The above code has been written in Python, it would be great if I can get help in Python. Answers in other programming languages also accepted.

There is more than 8 million records

Please find below some sample data:

"VENDOR ID","VENDOR NAME","ORGANIZATION NUMBER","ADDRESS 1","CITY","COUNTRY","ZIP","PRIMARY PHONE","FAX","EMAIL","LMS RECORD CREATED DATE","LMS RECORD MODIFY DATE","DELETE FLAG","LMS RECORD ID"
"a0E6D000001Fag8UAC","Test 'Vendor' 1","","This Vendor contains a single (') quote.","","","","","","test@test.com","2020-4-1 06:32:29","2020-4-1 06:34:43","false",""
"a0E6D000001FagDUAS","Test ""Vendor"" 2","","This Vendor contains a double("") quote.","","","","","","test@test.com","2020-4-1 06:33:38","2020-4-1 06:35:18","false",""
"a0E6D000001FagIUAS","Test Vendor | 3","","This Vendor contains a Pipe (|).","","","","","","test@test.com","2020-4-1 06:38:45","2020-4-1 06:38:45","false",""
"a0E6D000001FagNUAS","Test Vendor 4","","This Vendor contains a
carriage return, i.e 
data in new line.","","","","","","test@test.com","2020-4-1 06:43:08","2020-4-1 06:43:08","false",""

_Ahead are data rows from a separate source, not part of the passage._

(* For every integer $n\ge 1$ and every integer $k$ with $0\le k\le 2^{n}-2$, $$B_{k+1}(t)B_{2^{n}-k}(t)-B_{k}(t)B_{2^{n}-k-1}(t)=t^{n}.$$
   Context: The Stern polynomials $B_n(t)\in\mathbb{Z}[t]$, $n\ge 0$, are defined by $B_0(t)=0$, $B_1(t)=1$, $B_{2n}(t)=tB_n(t)$ and $B_{2n+1}(t)=B_n(t)+B_{n+1}(t)$ for $n\ge 1$. *)

From HB Require Import structures.
From mathcomp Require Import all_boot all_order all_algebra.
Set Implicit Arguments. Unset Strict Implicit. Unset Printing Implicit Defensive.
Import GRing.Theory.
Local Open Scope ring_scope.

(* Stern polynomials B_n(t) in Z[t]:
   B_0 = 0, B_1 = 1, B_{2n} = t B_n, B_{2n+1} = B_n + B_{n+1}.
   Defined by recursion with fuel; fuel n suffices (B_n_rec below). *)
Fixpoint stern_aux (fuel : nat) (n : nat) : {poly int} :=
  match fuel with
  | 0%N => 0
  | f.+1 =>
    match n with
    | 0%N => 0
    | 1%N => 1
    | _ => if odd n then stern_aux f n./2 + stern_aux f n./2.+1
           else 'X * stern_aux f n./2
    end
  end.

Definition stern (n : nat) : {poly int} := stern_aux n n.

From HB Require Import structures.
From mathcomp Require Import all_boot all_order all_algebra.
From mathcomp Require Import zify ring.
Import GRing.Theory.
Local Open Scope ring_scope.

(* If [j + d + 1 = 2^(n+1)] then [j] and [d] have opposite parities, and the
   recurrences rewrite [B_(j+1) B_(d+1) - B_j B_d] as [t] times the same
   expression for [j/2], [d/2], whose sum plus one is [2^n]. *)

Lemma stern_aux_fuel_eq f g n :
  (n <= f)%N -> (n <= g)%N -> stern_aux f n = stern_aux g n.
Proof.
elim: f g n => [|f IHf] [|g] [|[|m]] //= lefn legn.
rewrite negbK; case: ifP => oddm.
- by rewrite (IHf g m./2.+1) ?(IHf g m./2.+2) //; lia.
- by rewrite (IHf g m./2.+1) //; lia.
Qed.

Lemma stern_auxE f n : (n <= f)%N -> stern_aux f n = stern n.
Proof. by move=> lenf; apply: stern_aux_fuel_eq. Qed.

Lemma stern0 : stern 0 = 0. Proof. by []. Qed.

Lemma stern1 : stern 1 = 1. Proof. by []. Qed.

Lemma stern_aux_double f i : stern_aux f.+1 i.+1.*2 = 'X * stern_aux f i.+1.
Proof. by rewrite doubleS [LHS]/= negbK odd_double doubleK. Qed.

Lemma stern_aux_doubleS f i :
  stern_aux f.+1 i.+1.*2.+1 = stern_aux f i.+1 + stern_aux f i.+2.
Proof. by rewrite doubleS [LHS]/= negbK odd_double uphalf_double. Qed.

Lemma stern_double i : stern i.*2 = 'X * stern i.
Proof.
case: i => [|i]; first by rewrite stern0 mulr0.
by rewrite /stern {1}doubleS stern_aux_double stern_auxE //; lia.
Qed.

Lemma stern_doubleS i : stern i.*2.+1 = stern i + stern i.+1.
Proof.
case: i => [|i]; first by rewrite stern0 add0r.
by rewrite /stern {1}doubleS stern_aux_doubleS !stern_auxE //; lia.
Qed.

Lemma stern_det_pow2 n j d : (j + d.+1 = 2 ^ n)%N ->
  stern j.+1 * stern d.+1 - stern j * stern d = 'X ^+ n.
Proof.
elim: n j d => [|n IHn] j d.
  rewrite expn0 => jd1; have [-> ->] : j = 0%N /\ d = 0%N by lia.
  by rewrite stern0 stern1 mulr0 subr0 mulr1 expr0.
rewrite expnS -(odd_double_half j) -(odd_double_half d) => jd2.
have jd1 : (j./2 + d./2.+1 = 2 ^ n)%N by lia.
rewrite exprS -(IHn _ _ jd1).
case: (odd j) (odd d) jd2 => [] [] /=; rewrite ?add0n ?add1n => jd2; try lia.
all: by rewrite -doubleS !stern_doubleS !stern_double; ring.
Qed.

Theorem theorem2p5 (n k : nat) :
  (1 <= n)%N -> (k <= 2 ^ n - 2)%N ->
  stern k.+1 * stern (2 ^ n - k) - stern k * stern (2 ^ n - k - 1) = 'X ^+ n.
Proof.
move=> n_gt0 lek.
have two_le_pow : (2 <= 2 ^ n)%N by rewrite -{1}(expn1 2) leq_exp2l.
have {1}-> : (2 ^ n - k = (2 ^ n - k - 1).+1)%N by lia.
by apply: stern_det_pow2; lia.
Qed.
(* Let $\mathbb I$ be an index coding problem which admits a valid scalar linear index code of length $3$ over a finite field $\mathbb F$. Then for every type-2 alignment set of $\mathbb I$ with message set ${\cal W}'$, the restricted problem ${\mathbb I}_{{\cal W}'}$ admits a valid scalar linear index code of length $2$ over $\mathbb F$, and there are no ${\cal W}'$-restricted internal conflicts.
   Context: Index coding setup: An index coding problem $\mathbb I$ over a finite field $\mathbb F$ consists of a set of messages ${\cal W}=\{W_1,\dots,W_n\}$ (each message is a symbol of $\mathbb F$ in the scalar setting), a set of receivers $[1:T]$, and for each receiver $j$ a demand set $D(j)\subseteq{\cal W}$ and a side-information set $S(j)\subseteq {\cal W}\setminus D(j)$. Every message is demanded by at least one receiver. For a receiver $j$ and $W_k\in D(j)$, the interfering set is $Interf_k(j)={\cal W}\setminus(\{W_k\}\cup S(j))$; if $W_k\notin D(j)$ then $Interf_k(j)=\emptyset$. A scalar linear index code of length $L$ over $\mathbb F$ is an assignment of vectors $V_1,\dots,V_n\in\mathbb F^L$ to the messages; the source broadcasts $\sum_{i=1}^n V_iW_i\in\mathbb F^L$, and the code is valid if every receiver $j$ can recover every message of $D(j)$ from the broadcast codeword and the messages in $S(j)$. Two distinct messages $W_i,W_k$ are in conflict if there is a receiver $j$ with $W_k\in D(j)$ and $W_i\in Interf_k(j)$, or a receiver $j$ with $W_i\in D(j)$ and $W_k\in Interf_i(j)$. Alignment graph: the graph with vertex set ${\cal W}$ in which distinct $W_a,W_b$ are adjacent if there exist a receiver $j$ and a message $W_k\in D(j)$ with $W_k\notin\{W_a,W_b\}$ and $W_a,W_b\notin S(j)$. An alignment set is the vertex set of a connected component of the alignment graph. An internal conflict is a conflict between two messages lying in the same alignment set. A triangular interfering set is a subset ${\cal W}''\subseteq{\cal W}$ with $|{\cal W}''|=3$ such that there exist a receiver $j$ and a message $W_k\in D(j)\setminus{\cal W}''$ with ${\cal W}''\subseteq Interf_k(j)$, and at least two messages of ${\cal W}''$ are in conflict. Two distinct triangular interfering sets ${\cal W}_1,{\cal W}_2$ are adjacent if ${\cal W}_1\cap{\cal W}_2=\{W_a,W_b\}$ with $W_a,W_b$ in conflict. Two triangular interfering sets are connected if there is a finite sequence of triangular interfering sets starting at one and ending at the other in which consecutive sets are adjacent (every set is connected to itself). A type-2 alignment set is a maximal collection of pairwise connected triangular interfering sets (an equivalence class under connectedness); its message set is the union of its triangular interfering sets. Restricted problem: for ${\cal W}'\subseteq{\cal W}$, the ${\cal W}'$-restricted index coding problem ${\mathbb I}_{{\cal W}'}$ has message set ${\cal W}'$, receivers the receivers $j$ of $\mathbb I$ with $D(j)\cap{\cal W}'\neq\emptyset$, and for each such $j$ demand set $D(j)\cap{\cal W}'$ and side-information set $S(j)\cap{\cal W}'$. The ${\cal W}'$-restricted alignment sets and internal conflicts are the alignment sets and internal conflicts of ${\mathbb I}_{{\cal W}'}$ (conflicts being computed in ${\mathbb I}_{{\cal W}'}$). *)

From HB Require Import structures.
From mathcomp Require Import all_boot all_order all_algebra all_field.
Set Implicit Arguments. Unset Strict Implicit. Unset Printing Implicit Defensive.
Import GRing.Theory.
Local Open Scope ring_scope.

NOTE: If you copy above data, please make sure that 5th and 6th line should end with only LF (ie New Line, \\n) just like shown in images, or else please try to replicate those 2 line as that's what this question is all about not escaping those 2 lines specificaly, as highlighted in the image below.

The above code is the final out come of all my findings on internet. I've even tried pandas library and it's final output is same as well.

The code below is just an alternate way to get my expected output, but still the issue exists as this script takes forever (more than 12 hours) to complete (and still not finishes, ultimately I have to kill the process) when ran on 9 Millions of records.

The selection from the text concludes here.